* _SUPPLIED RECORDS_
# # # # #
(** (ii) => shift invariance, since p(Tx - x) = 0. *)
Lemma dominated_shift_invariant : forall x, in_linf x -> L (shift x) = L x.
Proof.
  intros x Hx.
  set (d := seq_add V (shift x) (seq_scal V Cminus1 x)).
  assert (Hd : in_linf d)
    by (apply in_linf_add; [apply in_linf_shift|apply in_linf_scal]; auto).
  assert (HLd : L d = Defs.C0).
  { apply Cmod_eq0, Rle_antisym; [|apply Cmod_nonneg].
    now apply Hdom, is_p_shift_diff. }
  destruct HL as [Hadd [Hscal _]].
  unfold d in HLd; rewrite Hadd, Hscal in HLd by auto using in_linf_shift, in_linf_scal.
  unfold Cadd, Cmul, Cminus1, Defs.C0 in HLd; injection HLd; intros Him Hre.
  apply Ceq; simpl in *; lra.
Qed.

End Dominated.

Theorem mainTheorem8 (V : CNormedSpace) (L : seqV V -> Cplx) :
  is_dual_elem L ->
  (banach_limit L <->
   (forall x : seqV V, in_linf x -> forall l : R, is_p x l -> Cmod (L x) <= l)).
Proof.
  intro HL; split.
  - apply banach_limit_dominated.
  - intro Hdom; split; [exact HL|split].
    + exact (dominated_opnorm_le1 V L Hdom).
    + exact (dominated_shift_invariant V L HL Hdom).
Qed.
# # # # #
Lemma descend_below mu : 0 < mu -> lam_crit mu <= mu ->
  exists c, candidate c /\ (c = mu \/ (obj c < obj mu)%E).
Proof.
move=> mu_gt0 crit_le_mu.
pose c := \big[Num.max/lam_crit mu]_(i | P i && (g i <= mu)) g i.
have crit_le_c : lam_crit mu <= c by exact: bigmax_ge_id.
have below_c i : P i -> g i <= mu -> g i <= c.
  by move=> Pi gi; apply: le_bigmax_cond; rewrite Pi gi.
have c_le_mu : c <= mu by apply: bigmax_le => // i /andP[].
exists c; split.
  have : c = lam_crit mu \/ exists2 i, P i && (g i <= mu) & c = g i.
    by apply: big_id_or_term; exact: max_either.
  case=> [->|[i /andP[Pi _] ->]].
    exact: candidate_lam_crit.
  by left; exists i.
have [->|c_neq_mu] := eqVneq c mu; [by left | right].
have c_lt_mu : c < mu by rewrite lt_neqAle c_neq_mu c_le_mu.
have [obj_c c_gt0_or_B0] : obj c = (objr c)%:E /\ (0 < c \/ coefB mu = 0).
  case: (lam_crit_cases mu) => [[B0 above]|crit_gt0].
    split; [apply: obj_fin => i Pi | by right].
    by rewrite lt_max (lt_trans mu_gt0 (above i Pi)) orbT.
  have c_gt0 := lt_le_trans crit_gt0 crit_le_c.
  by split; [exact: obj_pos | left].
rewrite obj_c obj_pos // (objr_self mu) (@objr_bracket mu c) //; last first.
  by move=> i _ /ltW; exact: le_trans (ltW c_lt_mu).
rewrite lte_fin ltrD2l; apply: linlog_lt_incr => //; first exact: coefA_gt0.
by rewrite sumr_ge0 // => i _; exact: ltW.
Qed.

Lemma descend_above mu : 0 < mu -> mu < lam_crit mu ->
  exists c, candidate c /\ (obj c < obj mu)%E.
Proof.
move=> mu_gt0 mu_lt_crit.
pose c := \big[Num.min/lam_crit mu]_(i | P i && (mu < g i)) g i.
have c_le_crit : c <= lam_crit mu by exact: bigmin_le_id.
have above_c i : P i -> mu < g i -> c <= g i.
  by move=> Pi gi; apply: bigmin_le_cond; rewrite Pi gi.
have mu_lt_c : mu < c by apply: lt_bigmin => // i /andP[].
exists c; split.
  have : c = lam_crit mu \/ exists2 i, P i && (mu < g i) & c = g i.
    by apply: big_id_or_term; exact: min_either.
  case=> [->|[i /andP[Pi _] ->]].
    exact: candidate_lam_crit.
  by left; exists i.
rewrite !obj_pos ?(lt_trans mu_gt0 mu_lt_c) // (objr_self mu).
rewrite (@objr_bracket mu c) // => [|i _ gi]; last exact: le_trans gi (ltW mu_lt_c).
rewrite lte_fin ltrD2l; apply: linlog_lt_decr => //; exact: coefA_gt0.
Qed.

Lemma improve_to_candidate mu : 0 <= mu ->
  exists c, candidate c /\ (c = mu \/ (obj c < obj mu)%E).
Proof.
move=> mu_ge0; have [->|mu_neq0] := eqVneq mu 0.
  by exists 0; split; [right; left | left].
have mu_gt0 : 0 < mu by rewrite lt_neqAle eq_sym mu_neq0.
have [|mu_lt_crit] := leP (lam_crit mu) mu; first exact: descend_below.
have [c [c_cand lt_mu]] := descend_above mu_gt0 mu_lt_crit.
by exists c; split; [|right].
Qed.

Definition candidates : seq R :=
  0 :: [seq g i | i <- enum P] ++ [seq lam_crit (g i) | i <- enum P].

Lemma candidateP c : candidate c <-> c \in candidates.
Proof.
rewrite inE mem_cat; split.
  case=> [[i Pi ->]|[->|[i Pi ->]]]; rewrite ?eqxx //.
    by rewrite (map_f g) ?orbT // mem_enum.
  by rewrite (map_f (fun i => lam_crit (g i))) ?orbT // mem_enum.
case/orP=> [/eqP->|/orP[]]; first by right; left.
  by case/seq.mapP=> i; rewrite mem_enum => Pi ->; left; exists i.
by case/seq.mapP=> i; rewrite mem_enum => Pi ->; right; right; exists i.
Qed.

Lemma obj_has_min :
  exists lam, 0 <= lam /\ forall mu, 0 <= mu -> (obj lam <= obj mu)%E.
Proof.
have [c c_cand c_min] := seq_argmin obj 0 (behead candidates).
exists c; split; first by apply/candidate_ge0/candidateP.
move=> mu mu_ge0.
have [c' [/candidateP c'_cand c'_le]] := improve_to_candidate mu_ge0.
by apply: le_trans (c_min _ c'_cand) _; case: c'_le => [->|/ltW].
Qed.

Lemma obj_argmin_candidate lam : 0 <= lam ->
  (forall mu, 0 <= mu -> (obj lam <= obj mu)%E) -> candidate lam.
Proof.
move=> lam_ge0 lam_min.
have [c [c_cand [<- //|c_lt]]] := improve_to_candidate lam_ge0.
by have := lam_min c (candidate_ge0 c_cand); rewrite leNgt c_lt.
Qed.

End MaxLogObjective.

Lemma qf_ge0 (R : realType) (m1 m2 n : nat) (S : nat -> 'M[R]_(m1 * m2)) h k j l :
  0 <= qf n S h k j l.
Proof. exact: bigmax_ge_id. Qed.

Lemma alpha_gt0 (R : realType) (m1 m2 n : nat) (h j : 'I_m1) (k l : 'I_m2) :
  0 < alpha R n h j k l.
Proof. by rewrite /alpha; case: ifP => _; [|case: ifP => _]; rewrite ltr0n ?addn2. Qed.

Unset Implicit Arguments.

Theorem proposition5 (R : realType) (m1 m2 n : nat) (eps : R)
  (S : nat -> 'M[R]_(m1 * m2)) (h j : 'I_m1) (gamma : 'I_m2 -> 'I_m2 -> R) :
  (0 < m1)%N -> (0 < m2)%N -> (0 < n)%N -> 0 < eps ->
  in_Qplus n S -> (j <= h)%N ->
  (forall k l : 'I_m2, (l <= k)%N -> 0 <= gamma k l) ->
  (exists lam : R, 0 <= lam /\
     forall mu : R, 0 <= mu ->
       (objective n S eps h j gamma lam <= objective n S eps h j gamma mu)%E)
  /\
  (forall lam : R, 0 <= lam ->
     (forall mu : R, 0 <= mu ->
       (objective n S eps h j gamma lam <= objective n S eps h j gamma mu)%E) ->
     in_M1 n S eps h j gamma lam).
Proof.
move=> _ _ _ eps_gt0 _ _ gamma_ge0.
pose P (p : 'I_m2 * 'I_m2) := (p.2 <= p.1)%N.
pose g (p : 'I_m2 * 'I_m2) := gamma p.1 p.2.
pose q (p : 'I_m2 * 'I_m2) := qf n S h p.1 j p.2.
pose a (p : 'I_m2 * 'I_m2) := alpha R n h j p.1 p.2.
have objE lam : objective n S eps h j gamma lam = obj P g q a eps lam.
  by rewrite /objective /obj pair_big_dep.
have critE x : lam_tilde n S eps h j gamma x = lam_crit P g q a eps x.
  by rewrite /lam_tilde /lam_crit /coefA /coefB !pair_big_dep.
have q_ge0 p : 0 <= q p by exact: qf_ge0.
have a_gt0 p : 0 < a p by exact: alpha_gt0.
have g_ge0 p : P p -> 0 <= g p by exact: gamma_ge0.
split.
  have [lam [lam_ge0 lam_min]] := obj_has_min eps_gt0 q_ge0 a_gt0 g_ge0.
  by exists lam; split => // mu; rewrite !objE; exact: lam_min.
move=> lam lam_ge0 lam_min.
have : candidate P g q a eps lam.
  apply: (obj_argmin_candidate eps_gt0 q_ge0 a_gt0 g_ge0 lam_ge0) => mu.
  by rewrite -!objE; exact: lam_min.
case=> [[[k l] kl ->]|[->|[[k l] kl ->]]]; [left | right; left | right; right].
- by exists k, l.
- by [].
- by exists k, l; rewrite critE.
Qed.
# # # # #
Copy, exactly and only, the lines above that begin with the one containing "Lemma descend_above mu" and finish with the one containing "by move=> Pi gi; apply: bigmin_le_cond;".

* _RESULT FOR THIS EXERCISE_
Lemma descend_above mu : 0 < mu -> mu < lam_crit mu ->
  exists c, candidate c /\ (obj c < obj mu)%E.
Proof.
move=> mu_gt0 mu_lt_crit.
pose c := \big[Num.min/lam_crit mu]_(i | P i && (mu < g i)) g i.
have c_le_crit : c <= lam_crit mu by exact: bigmin_le_id.
have above_c i : P i -> mu < g i -> c <= g i.
  by move=> Pi gi; apply: bigmin_le_cond; rewrite Pi gi.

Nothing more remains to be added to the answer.